» **ABOUT THIS TASK**:
Where the line with "by apply: sW; apply: sVW; apply: vbasis_mem." appears below, start writing out lines exactly, and finish with the line with "gen_step (iter k gen_step", which is included; write out nothing else.

=======

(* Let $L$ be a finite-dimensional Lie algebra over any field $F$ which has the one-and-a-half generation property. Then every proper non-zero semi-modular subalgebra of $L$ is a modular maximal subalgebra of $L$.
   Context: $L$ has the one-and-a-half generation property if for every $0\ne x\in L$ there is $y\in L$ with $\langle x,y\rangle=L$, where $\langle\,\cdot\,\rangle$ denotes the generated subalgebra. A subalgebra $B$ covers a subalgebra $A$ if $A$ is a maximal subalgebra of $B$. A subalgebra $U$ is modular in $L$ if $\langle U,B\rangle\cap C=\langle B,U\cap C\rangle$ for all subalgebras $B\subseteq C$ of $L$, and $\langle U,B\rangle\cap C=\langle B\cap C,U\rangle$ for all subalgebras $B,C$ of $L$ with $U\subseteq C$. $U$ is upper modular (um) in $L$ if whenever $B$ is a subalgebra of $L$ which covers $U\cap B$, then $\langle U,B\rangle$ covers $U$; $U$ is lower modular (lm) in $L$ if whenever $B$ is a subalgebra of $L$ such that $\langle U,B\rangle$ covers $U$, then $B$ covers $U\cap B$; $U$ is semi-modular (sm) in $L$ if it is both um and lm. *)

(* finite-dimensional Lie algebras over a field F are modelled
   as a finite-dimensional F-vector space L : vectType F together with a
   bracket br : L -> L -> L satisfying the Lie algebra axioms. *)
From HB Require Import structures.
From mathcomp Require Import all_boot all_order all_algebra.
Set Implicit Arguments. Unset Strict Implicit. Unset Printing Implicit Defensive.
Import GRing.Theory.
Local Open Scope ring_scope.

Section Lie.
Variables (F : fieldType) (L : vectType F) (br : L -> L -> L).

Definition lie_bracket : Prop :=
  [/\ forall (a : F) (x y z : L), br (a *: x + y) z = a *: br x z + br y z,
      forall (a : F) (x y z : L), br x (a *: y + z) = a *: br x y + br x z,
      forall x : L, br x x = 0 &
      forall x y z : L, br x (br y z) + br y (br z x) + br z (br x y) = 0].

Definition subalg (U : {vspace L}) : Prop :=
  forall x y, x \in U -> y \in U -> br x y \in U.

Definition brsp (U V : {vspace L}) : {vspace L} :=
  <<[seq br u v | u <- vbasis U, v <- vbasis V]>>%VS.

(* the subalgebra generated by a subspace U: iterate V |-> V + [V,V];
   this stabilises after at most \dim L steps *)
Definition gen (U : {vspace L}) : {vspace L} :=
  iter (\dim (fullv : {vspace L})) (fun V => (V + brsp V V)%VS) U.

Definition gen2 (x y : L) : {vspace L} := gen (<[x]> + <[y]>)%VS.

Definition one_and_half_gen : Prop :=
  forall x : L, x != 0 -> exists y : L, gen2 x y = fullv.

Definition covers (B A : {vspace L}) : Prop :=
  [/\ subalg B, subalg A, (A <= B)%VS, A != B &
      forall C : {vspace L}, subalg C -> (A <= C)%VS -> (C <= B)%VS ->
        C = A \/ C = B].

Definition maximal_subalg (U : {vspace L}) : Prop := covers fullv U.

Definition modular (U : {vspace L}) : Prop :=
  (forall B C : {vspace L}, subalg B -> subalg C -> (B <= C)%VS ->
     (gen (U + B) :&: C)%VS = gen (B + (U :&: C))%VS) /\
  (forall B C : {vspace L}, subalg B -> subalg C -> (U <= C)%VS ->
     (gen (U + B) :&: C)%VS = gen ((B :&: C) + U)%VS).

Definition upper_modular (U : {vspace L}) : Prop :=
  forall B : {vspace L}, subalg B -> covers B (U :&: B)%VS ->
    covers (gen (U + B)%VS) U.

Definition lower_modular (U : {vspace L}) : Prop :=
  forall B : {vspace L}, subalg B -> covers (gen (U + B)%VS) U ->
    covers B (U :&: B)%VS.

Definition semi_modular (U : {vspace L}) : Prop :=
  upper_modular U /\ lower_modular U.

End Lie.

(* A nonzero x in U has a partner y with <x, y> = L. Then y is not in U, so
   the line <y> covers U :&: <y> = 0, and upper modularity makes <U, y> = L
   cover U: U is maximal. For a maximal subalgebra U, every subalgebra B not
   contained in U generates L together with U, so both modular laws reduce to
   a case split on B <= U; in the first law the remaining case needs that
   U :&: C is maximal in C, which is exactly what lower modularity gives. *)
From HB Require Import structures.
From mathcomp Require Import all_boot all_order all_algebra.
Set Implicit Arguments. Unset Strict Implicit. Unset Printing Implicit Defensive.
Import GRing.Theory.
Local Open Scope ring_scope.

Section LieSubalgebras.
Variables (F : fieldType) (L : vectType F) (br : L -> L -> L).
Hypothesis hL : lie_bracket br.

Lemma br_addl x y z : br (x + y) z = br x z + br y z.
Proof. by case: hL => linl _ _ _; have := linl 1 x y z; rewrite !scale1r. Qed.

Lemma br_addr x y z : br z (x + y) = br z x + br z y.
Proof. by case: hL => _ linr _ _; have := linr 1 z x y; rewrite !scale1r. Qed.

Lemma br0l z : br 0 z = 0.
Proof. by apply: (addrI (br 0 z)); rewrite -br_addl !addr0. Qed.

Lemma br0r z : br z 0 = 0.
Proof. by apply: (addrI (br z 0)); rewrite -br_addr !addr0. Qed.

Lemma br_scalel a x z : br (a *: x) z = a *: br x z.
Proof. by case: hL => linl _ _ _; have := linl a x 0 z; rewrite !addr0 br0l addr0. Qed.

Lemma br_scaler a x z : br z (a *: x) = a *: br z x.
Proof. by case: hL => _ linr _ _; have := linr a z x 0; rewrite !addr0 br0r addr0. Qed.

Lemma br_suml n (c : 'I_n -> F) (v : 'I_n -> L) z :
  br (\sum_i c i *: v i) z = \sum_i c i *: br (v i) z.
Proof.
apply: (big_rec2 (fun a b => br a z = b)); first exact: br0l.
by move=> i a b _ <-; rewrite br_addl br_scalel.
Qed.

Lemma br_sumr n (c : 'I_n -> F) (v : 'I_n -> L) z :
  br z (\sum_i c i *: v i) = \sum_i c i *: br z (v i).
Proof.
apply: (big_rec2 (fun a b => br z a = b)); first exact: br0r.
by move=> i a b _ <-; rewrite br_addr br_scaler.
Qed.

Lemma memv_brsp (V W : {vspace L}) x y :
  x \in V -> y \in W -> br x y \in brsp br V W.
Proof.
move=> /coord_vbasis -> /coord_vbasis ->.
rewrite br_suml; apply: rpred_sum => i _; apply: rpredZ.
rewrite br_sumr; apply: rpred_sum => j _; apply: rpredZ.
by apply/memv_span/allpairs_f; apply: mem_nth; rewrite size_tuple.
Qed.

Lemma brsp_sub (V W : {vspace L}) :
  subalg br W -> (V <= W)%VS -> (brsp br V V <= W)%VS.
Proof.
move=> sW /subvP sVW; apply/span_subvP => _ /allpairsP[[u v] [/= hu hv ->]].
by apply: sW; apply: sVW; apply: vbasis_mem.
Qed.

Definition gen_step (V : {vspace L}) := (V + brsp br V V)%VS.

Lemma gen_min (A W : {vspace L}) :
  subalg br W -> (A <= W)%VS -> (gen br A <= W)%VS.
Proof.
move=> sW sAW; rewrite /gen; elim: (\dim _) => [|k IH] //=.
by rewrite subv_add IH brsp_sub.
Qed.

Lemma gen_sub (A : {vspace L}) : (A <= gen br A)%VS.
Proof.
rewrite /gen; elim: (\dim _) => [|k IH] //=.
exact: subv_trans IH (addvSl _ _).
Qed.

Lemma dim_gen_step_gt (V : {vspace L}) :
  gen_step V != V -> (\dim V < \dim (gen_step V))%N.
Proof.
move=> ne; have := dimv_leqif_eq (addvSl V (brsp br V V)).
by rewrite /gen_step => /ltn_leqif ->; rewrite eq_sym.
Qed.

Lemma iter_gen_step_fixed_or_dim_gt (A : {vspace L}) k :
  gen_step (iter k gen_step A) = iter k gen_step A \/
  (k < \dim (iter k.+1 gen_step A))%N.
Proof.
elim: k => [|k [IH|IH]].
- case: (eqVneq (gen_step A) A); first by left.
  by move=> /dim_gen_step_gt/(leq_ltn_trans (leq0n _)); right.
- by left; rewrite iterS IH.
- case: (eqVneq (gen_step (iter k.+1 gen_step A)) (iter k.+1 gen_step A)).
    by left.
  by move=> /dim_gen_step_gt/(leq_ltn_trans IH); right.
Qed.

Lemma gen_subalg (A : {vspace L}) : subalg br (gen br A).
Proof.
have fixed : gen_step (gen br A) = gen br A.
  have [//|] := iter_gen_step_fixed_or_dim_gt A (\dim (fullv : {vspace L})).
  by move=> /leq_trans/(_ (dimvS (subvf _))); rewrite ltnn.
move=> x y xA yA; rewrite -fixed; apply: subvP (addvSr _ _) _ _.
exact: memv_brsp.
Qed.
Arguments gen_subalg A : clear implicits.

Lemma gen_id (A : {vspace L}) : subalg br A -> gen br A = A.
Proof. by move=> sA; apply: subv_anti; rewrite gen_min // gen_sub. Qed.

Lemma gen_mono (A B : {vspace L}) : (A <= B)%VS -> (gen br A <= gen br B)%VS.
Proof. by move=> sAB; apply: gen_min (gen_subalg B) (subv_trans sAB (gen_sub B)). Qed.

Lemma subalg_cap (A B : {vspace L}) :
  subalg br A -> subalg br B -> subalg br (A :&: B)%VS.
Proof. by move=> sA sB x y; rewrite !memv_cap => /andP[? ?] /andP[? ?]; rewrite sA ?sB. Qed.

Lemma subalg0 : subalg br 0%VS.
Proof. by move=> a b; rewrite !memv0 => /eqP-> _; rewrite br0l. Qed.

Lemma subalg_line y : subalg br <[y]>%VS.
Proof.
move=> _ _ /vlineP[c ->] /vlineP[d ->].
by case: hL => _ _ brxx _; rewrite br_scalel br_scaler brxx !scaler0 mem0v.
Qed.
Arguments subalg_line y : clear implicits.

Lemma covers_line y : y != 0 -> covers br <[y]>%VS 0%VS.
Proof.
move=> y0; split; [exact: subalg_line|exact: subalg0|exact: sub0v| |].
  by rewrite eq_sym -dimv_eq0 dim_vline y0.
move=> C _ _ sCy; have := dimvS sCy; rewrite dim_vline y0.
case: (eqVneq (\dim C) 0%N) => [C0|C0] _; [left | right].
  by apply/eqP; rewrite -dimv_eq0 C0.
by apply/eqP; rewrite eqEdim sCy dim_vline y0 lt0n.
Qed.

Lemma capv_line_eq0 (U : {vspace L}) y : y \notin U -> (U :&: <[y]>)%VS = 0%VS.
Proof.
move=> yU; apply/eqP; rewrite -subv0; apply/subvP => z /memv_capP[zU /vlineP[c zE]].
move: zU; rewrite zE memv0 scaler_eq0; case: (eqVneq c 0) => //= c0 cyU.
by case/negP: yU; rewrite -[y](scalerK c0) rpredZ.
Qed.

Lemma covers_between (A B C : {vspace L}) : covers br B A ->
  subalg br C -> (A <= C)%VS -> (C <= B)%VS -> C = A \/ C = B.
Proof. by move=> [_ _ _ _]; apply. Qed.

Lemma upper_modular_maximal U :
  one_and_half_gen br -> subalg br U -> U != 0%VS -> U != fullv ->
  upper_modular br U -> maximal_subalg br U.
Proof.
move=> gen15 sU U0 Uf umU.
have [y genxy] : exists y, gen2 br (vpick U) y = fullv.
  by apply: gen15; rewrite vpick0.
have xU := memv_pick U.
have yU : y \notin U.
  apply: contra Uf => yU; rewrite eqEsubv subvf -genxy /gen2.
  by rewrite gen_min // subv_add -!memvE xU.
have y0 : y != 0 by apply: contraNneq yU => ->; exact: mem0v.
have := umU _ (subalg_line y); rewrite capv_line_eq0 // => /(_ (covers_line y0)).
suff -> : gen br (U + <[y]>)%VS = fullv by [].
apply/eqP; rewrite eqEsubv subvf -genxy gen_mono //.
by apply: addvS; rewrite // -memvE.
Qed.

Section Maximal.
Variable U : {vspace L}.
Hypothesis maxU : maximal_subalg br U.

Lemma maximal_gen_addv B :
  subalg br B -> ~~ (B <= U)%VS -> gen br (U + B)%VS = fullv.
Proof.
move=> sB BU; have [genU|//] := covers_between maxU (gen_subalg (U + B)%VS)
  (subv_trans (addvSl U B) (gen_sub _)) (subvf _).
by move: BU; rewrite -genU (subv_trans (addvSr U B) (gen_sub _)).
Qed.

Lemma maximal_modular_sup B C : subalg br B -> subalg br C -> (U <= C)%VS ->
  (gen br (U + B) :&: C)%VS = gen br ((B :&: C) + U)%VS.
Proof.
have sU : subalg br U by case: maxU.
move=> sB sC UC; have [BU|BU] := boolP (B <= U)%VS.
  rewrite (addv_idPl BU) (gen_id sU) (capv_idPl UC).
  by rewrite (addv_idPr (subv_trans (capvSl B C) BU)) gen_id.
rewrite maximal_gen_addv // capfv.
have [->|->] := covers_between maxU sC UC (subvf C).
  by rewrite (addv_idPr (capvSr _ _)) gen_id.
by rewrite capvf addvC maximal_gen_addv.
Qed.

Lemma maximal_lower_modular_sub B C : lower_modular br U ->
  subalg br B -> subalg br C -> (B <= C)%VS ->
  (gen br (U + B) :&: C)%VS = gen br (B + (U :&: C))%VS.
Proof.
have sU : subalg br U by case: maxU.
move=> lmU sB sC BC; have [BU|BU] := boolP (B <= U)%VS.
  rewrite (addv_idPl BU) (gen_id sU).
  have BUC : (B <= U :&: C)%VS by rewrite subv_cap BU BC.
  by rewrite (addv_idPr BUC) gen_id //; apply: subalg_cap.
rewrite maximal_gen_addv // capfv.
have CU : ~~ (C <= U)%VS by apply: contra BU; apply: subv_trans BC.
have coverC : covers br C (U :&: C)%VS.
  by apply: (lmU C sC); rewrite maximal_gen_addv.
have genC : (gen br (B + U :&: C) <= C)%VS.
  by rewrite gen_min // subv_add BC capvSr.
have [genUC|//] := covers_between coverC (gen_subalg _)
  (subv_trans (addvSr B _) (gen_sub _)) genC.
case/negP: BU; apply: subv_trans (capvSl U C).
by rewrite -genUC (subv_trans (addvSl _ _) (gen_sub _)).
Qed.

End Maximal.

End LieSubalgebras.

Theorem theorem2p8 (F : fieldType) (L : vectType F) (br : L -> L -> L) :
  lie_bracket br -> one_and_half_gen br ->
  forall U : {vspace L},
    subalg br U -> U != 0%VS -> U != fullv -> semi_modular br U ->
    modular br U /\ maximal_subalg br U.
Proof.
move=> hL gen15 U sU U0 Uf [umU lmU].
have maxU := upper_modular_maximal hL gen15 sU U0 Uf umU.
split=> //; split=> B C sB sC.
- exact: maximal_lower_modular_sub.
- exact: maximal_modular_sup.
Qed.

=======

» **COMPLETED EXERCISE**:
by apply: sW; apply: sVW; apply: vbasis_mem.
Qed.

Definition gen_step (V : {vspace L}) := (V + brsp br V V)%VS.

Lemma gen_min (A W : {vspace L}) :
  subalg br W -> (A <= W)%VS -> (gen br A <= W)%VS.
Proof.
move=> sW sAW; rewrite /gen; elim: (\dim _) => [|k IH] //=.
by rewrite subv_add IH brsp_sub.
Qed.

Lemma gen_sub (A : {vspace L}) : (A <= gen br A)%VS.
Proof.
rewrite /gen; elim: (\dim _) => [|k IH] //=.
exact: subv_trans IH (addvSl _ _).
Qed.

Lemma dim_gen_step_gt (V : {vspace L}) :
  gen_step V != V -> (\dim V < \dim (gen_step V))%N.
Proof.
move=> ne; have := dimv_leqif_eq (addvSl V (brsp br V V)).
by rewrite /gen_step => /ltn_leqif ->; rewrite eq_sym.
Qed.

Lemma iter_gen_step_fixed_or_dim_gt (A : {vspace L}) k :
  gen_step (iter k gen_step A) = iter k gen_step A \/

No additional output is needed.